| Exercise objective |
Give again the lines of the data from its first line through the line with "- intros x Hx.". Change nothing.

[Saved data entries]
○ ○ ○ ○

Lemma ex_RInt_cont01 f : cont01 f -> ex_RInt f 0 1.
Proof.
  intros H. apply ex_RInt_ext with (fun x => f (clamp01 x)).
  - intros x Hx. rewrite Rmin_left, Rmax_right in Hx by lra. rewrite clamp01_id; lra.
  - apply (ex_RInt_continuous (V := R_CompleteNormedModule)). intros z Hz.
    rewrite Rmin_left, Rmax_right in Hz by lra.
    apply continuity_pt_filterlim, H, Hz.
Qed.

(** * Real powers *)

Lemma rpow_ge0 x a : 0 <= rpow x a.
Proof. unfold rpow. destruct Rlt_dec; [left; apply exp_pos|lra]. Qed.

Lemma rpow_exp x a : 0 < x -> rpow x a = exp (a * ln x).
Proof. intros. unfold rpow. destruct Rlt_dec; [reflexivity|lra]. Qed.

Lemma rpow_gt0 x a : 0 < x -> 0 < rpow x a.
Proof. intros. rewrite rpow_exp by auto. apply exp_pos. Qed.

Lemma rpow_nonpos x a : x <= 0 -> rpow x a = 0.
Proof. intros. unfold rpow. destruct Rlt_dec; [lra|reflexivity]. Qed.

Lemma rpow_1_l a : rpow 1 a = 1.
Proof. rewrite rpow_exp, ln_1, Rmult_0_r, exp_0 by lra. reflexivity. Qed.

Lemma rpow_succ x a : 0 < x -> rpow x (a + 1) = rpow x a * x.
Proof.
  intros. rewrite !rpow_exp by auto.
  rewrite Rmult_plus_distr_r, exp_plus, Rmult_1_l, exp_ln; auto.
Qed.

Lemma rpow_mult_abs c x a : 0 < c -> rpow (Rabs (c * x)) a = rpow c a * rpow (Rabs x) a.
Proof.
  intros Hc. rewrite Rabs_mult, (Rabs_pos_eq c) by lra.
  destruct (Req_dec (Rabs x) 0) as [E|E].
  - rewrite E, Rmult_0_r, !(rpow_nonpos 0) by lra. ring.
  - assert (0 < Rabs x) by (pose proof (Rabs_pos x); lra).
    rewrite !rpow_exp, ln_mult, <- exp_plus by (try apply Rmult_lt_0_compat; auto).
    f_equal. ring.
Qed.

Lemma rpow_lt_near_0 a : 0 < a -> forall eps, 0 < eps -> exists d, 0 < d /\
  forall h, Rabs h < d -> rpow h a < eps.
Proof.
  intros Ha eps He. exists (exp (ln eps / a)). split; [apply exp_pos|].
  intros h Hh. destruct (Rlt_dec 0 h) as [Hp|Hn]; [|rewrite rpow_nonpos; lra].
  rewrite rpow_exp by exact Hp. rewrite Rabs_pos_eq in Hh by lra.
  rewrite <- (exp_ln eps) by exact He. apply exp_increasing.
  apply ln_increasing in Hh; [|exact Hp]. rewrite ln_exp in Hh.
  apply Rmult_lt_compat_l with (r := a) in Hh; [|exact Ha].
  replace (a * (ln eps / a)) with (ln eps) in Hh by (field; lra). exact Hh.
Qed.

Lemma derivable_pt_lim_rpow_pos a y : 0 < y ->
  derivable_pt_lim (fun x => rpow x a) y (a * Rpower y (a - 1)).
Proof.
  intros Hy. apply derivable_pt_lim_locally_ext with (fun x => Rpower x a) 0 (2 * y).
  - lra.
  - intros z Hz. unfold rpow. destruct Rlt_dec; [reflexivity|lra].
  - apply derivable_pt_lim_power, Hy.
Qed.

Lemma derivable_pt_lim_rpow_neg a y : y < 0 -> derivable_pt_lim (fun x => rpow x a) y 0.
Proof.
  intros Hy. apply derivable_pt_lim_locally_ext with (fun _ => 0) (y - 1) 0.
  - lra.
  - intros z Hz. rewrite rpow_nonpos; lra.
  - apply derivable_pt_lim_const.
Qed.

Lemma continuity_rpow a y : 0 < a -> continuity_pt (fun x => rpow x a) y.
Proof.
  intros Ha. destruct (Rtotal_order y 0) as [Hn|[->|Hp]].
  - apply derivable_continuous_pt. eexists. apply derivable_pt_lim_rpow_neg, Hn.
  - apply continuity_pt_of_eps. intros eps He.
    destruct (rpow_lt_near_0 a Ha eps He) as [d [Hd Hh]]. exists d; split; [exact Hd|].
    intros z Hz. rewrite (rpow_nonpos 0), Rminus_0_r, Rabs_pos_eq by (lra || apply rpow_ge0).
    apply Hh. rewrite Rminus_0_r in Hz. exact Hz.
  - apply derivable_continuous_pt. eexists. apply derivable_pt_lim_rpow_pos, Hp.
Qed.

Lemma derivable_pt_lim_rpow_succ a y : 0 < a ->
  derivable_pt_lim (fun x => rpow x (a + 1)) y ((a + 1) * rpow y a).
Proof.
  intros Ha. destruct (Rtotal_order y 0) as [Hn|[->|Hp]].
  - rewrite rpow_nonpos, Rmult_0_r by lra. apply derivable_pt_lim_rpow_neg, Hn.
  - intros eps He. destruct (rpow_lt_near_0 a Ha eps He) as [d [Hd Hh]].
    exists (mkposreal d Hd). intros h Hh0 Hhd. simpl in Hhd.
    rewrite !(rpow_nonpos 0), Rplus_0_l, Rminus_0_r, Rmult_0_r, Rminus_0_r by lra.
    destruct (Rlt_dec 0 h) as [Hp|Hn].
    + rewrite rpow_succ by exact Hp.
      replace (rpow h a * h / h) with (rpow h a) by (field; lra).
      rewrite Rabs_pos_eq by apply rpow_ge0. apply Hh, Hhd.
    + rewrite rpow_nonpos by lra. unfold Rdiv. rewrite Rmult_0_l, Rabs_R0. exact He.
  - replace (rpow y a) with (Rpower y (a + 1 - 1)).
    + apply derivable_pt_lim_rpow_pos, Hp.
    + replace (a + 1 - 1) with a by ring. unfold rpow. destruct Rlt_dec; [reflexivity|lra].
Qed.

Lemma cont01_rpow f a : 0 < a -> cont01 f -> cont01 (fun r => rpow (f r) a).
Proof. intros Ha. apply (cont01_comp (fun x => rpow x a)). intros; apply continuity_rpow, Ha. Qed.

Lemma ln_rpow x a : 0 < x -> ln (rpow x a) = a * ln x.
Proof. intros Hx. rewrite rpow_exp, ln_exp by exact Hx. reflexivity. Qed.

Lemma rpow_plus x a b : 0 < x -> rpow x (a + b) = rpow x a * rpow x b.
Proof. intros Hx. rewrite !rpow_exp, <- exp_plus by exact Hx. f_equal. ring. Qed.

Lemma rpow_1 x : 0 < x -> rpow x 1 = x.
Proof. intros Hx. rewrite rpow_exp, Rmult_1_l, exp_ln by exact Hx. reflexivity. Qed.

Lemma rpow_rpow x a b : 0 < x -> rpow (rpow x a) b = rpow x (a * b).
Proof.
  intros Hx. rewrite (rpow_exp (rpow x a)), ln_rpow by (auto; apply rpow_gt0, Hx).
  rewrite (rpow_exp x) by exact Hx. f_equal. ring.
Qed.

Lemma rpow_le_base x y a : 0 <= a -> 0 < x <= y -> rpow x a <= rpow y a.
Proof.
  intros Ha Hxy. unfold rpow.
  destruct Rlt_dec; [|lra]. destruct Rlt_dec; [|lra]. apply Rle_Rpower_l; assumption.
Qed.

Ltac positivity := solve [repeat first
  [ assumption | apply Rlt_le | apply Rmult_lt_0_compat | apply Rinv_0_lt_compat
  | apply Rdiv_lt_0_compat | apply rpow_gt0 | apply exp_pos | apply pow_lt | lra ]].

Lemma flux_bound_algebra sg be S p a : 0 < sg -> 0 < be -> 0 < S -> 1 < p -> 0 <= a ->
  a <= S * rpow (/ sg) (p / (p + 1)) * rpow (/ be) (/ (p + 1)) ->
  sg * (rpow S (1 / (p - 1)) * a) ^ 2 <=
  rpow sg ((1 - p) / (p + 1)) * rpow (2 * (p + 1) / (p - 1)) (2 * p / (p + 1)) *
  rpow ((p - 1) / (2 * (p + 1)) * rpow S ((p + 1) / (p - 1))) (2 * p / (p + 1)) /
  rpow be (2 / (p + 1)).
Proof.
  intros Hsg Hbe HS Hp Ha Hbound.
  set (M := S * rpow (/ sg) (p / (p + 1)) * rpow (/ be) (/ (p + 1))) in Hbound.
  apply Rle_trans with (sg * (rpow S (1 / (p - 1)) * M) ^ 2).
  { apply Rmult_le_compat_l; [lra|]. apply pow_incr.
    pose proof (rpow_gt0 S (1 / (p - 1)) HS).
    split; [apply Rmult_le_pos|apply Rmult_le_compat_l]; lra. }
  right. unfold M.
  replace (2 * (p + 1) / (p - 1)) with (/ ((p - 1) / (2 * (p + 1)))) by (field; lra).
  apply ln_inv; [positivity|positivity|].
  repeat first [ rewrite ln_mult by positivity | rewrite ln_div by positivity
    | rewrite ln_pow by positivity | rewrite ln_rpow by positivity
    | rewrite ln_Rinv by positivity ].
  simpl INR. field. lra.
Qed.

(** * Integrals over [0,1] and the weight *)

Lemma integ_RInt f a b : ex_RInt f a b -> integ f a b = RInt f a b.
Proof.
  intros H. unfold integ.
  destruct (epsilon_spec (inhabits 0)
    (fun I => exists pr : Riemann_integrable f a b, RiemannInt pr = I)) as [pr Hpr].
  - exists (RiemannInt (ex_RInt_Reals_0 _ _ _ H)). eexists; reflexivity.
  - rewrite <- Hpr. symmetry. apply RInt_Reals.
Qed.

(* [surf N * radial N f] is the integral of f(|x|) over the unit ball of R^N. *)
Definition radial (N : nat) (f : R -> R) : R := RInt (fun r => f r * r ^ (N - 1)) 0 1.

Section Radial.
Variable N : nat.

Lemma ex_RInt_radial f : cont01 f -> ex_RInt (fun r => f r * r ^ (N - 1)) 0 1.
Proof. intros Hf. apply ex_RInt_cont01, cont01_mult, cont01_pow, cont01_id; exact Hf. Qed.

Lemma integ_radial f : cont01 f -> integ (fun r => f r * r ^ (N - 1)) 0 1 = radial N f.
Proof. intros Hf. apply integ_RInt, ex_RInt_radial, Hf. Qed.

Lemma radial_ext f g : (forall r, 0 <= r <= 1 -> f r = g r) -> radial N f = radial N g.
Proof.
  intros E. apply RInt_ext. intros x Hx. rewrite Rmin_left, Rmax_right in Hx by lra.
  rewrite E by lra. reflexivity.
Qed.

Lemma radial_plus_scal f g c : cont01 f -> cont01 g ->
  radial N (fun r => f r + c * g r) = radial N f + c * radial N g.
Proof.
  intros Hf Hg. apply ex_RInt_radial in Hf, Hg. unfold radial.
  pose proof (RInt_plus (V := R_CompleteNormedModule) _ _ 0 1 Hf (ex_RInt_scal _ _ _ c Hg)) as E.
  rewrite (RInt_scal (V := R_CompleteNormedModule)) in E by exact Hg.
  etransitivity; [|exact E]. apply RInt_ext. intros x _.
  unfold plus, scal; simpl. unfold mult; simpl. ring.
Qed.

Lemma radial_scal f c : cont01 f -> radial N (fun r => c * f r) = c * radial N f.
Proof.
  intros Hf. apply ex_RInt_radial in Hf. unfold radial.
  rewrite <- (RInt_scal (V := R_CompleteNormedModule)) by exact Hf.
  apply RInt_ext. intros x _. unfold scal; simpl. unfold mult; simpl. ring.
Qed.

Lemma radial_le f g : cont01 f -> cont01 g ->
  (forall r, 0 <= r <= 1 -> f r <= g r) -> radial N f <= radial N g.
Proof.
  intros Hf Hg Hfg. apply RInt_le; [lra|apply ex_RInt_radial, Hf|apply ex_RInt_radial, Hg|].
  intros x Hx. apply Rmult_le_compat_r; [apply pow_le; lra|apply Hfg; lra].
Qed.

Lemma radial_le_RInt f : cont01 f -> (forall r, 0 <= r <= 1 -> 0 <= f r) ->
  radial N f <= RInt f 0 1.
Proof.
  intros Hf Hpos. apply RInt_le; [lra|apply ex_RInt_radial, Hf|apply ex_RInt_cont01, Hf|].
  intros x Hx. rewrite <- (Rmult_1_r (f x)) at 2.
  apply Rmult_le_compat_l; [apply Hpos; lra|].
  rewrite <- (pow1 (N - 1)). apply pow_incr. lra.
Qed.

End Radial.

Lemma Dint_radial N w' : cont01 w' -> Dint N w' = surf N * radial N (fun r => w' r ^ 2).
Proof. intros Hw. unfold Dint. rewrite integ_radial by (apply cont01_pow, Hw). reflexivity. Qed.

Lemma is_RInt_rpow01 a : 0 < a -> is_RInt (fun s => rpow s a) 0 1 (/ (a + 1)).
Proof.
  intros Ha.
  assert (H : is_RInt (fun s => / (a + 1) * ((a + 1) * rpow s a)) 0 1
                (minus (/ (a + 1) * rpow 1 (a + 1)) (/ (a + 1) * rpow 0 (a + 1)))).
  { apply (is_RInt_derive (V := R_CompleteNormedModule) (fun s => / (a + 1) * rpow s (a + 1))).
    - intros x _. apply is_derive_Reals.
      apply derivable_pt_lim_scal with (f := fun x => rpow x (a + 1)).
      apply derivable_pt_lim_rpow_succ, Ha.
    - intros x _. apply continuity_pt_filterlim.
      apply continuity_pt_scal with (f := fun s => (a + 1) * rpow s a).
      apply continuity_pt_scal, continuity_rpow, Ha. }
  rewrite rpow_1_l, (rpow_nonpos 0) in H by lra.
  replace (minus (/ (a + 1) * 1) (/ (a + 1) * 0)) with (/ (a + 1)) in H
    by (unfold minus, plus, opp; simpl; ring).
  eapply is_RInt_ext; [|exact H]. intros x _. simpl. field. lra.
Qed.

○ ○ ○ ○

| Answer section |
Lemma ex_RInt_cont01 f : cont01 f -> ex_RInt f 0 1.
Proof.
  intros H. apply ex_RInt_ext with (fun x => f (clamp01 x)).
  - intros x Hx. rewrite Rmin_left, Rmax_right in Hx by lra. rewrite clamp01_id; lra.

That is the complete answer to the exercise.